(* Let $m\ge2$, consider the simply laced Cartan matrix of type $\tilde A_m$ (graph: the cycle on vertices $1,\dots,m+1$ with edges $\{j,j+1\}$, indices mod $m+1$) with an acyclic orientation, and let $z_1,\dots,z_{m+1}$ be commuting indeterminates. Define the frise with variables by $a(j,0)=z_j$ and $a(j,n)a(j,n+1)=1+\big(\prod_{j\to i}a(i,n)\big)\big(\prod_{i\to j}a(i,n+1)\big)$. Then for each $j$, the sequence $(a(j,n))_{n\in\mathbf N}$ is $K$-rational, where $K=\mathbf N[z_1^{\pm1},\dots,z_{m+1}^{\pm1}]$ is the semiring of Laurent polynomials in the $z_i$ with nonnegative integer coefficients.
   Context: For a commutative semiring $K$, a sequence $(a_n)_{n\in\mathbf N}$ in $K$ is $K$-rational if there exist $r\ge1$, $\lambda\in K^{1\times r}$, $M\in K^{r\times r}$, $\gamma\in K^{r\times1}$ with $a_n=\lambda M^n\gamma$ for all $n$ (equivalently, $\sum a_nX^n$ lies in the smallest subsemiring of $K[[X]]$ containing $K[X]$ and closed under $T\mapsto\sum_{k\ge0}T^k$ for $T$ without constant term). The orientation notation $i\to j$ means the edge $\{i,j\}$ is oriented from $i$ to $j$; the recurrence determines the $a(j,n)$ as rational functions since the orientation is acyclic. *)

From HB Require Import structures.
From mathcomp Require Import all_boot all_order all_algebra.
Set Implicit Arguments. Unset Strict Implicit. Unset Printing Implicit Defensive.
Import Order.TTheory GRing.Theory Num.Theory.
Local Open Scope ring_scope.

• _Exercise instructions_
Wherever the line holding "Context: For a" falls in the entries above, copy exactly from it through the line holding "From mathcomp Require", inclusive, and add nothing.

• _Solution_
   Context: For a commutative semiring $K$, a sequence $(a_n)_{n\in\mathbf N}$ in $K$ is $K$-rational if there exist $r\ge1$, $\lambda\in K^{1\times r}$, $M\in K^{r\times r}$, $\gamma\in K^{r\times1}$ with $a_n=\lambda M^n\gamma$ for all $n$ (equivalently, $\sum a_nX^n$ lies in the smallest subsemiring of $K[[X]]$ containing $K[X]$ and closed under $T\mapsto\sum_{k\ge0}T^k$ for $T$ without constant term). The orientation notation $i\to j$ means the edge $\{i,j\}$ is oriented from $i$ to $j$; the recurrence determines the $a(j,n)$ as rational functions since the orientation is acyclic. *)

From HB Require Import structures.
From mathcomp Require Import all_boot all_order all_algebra.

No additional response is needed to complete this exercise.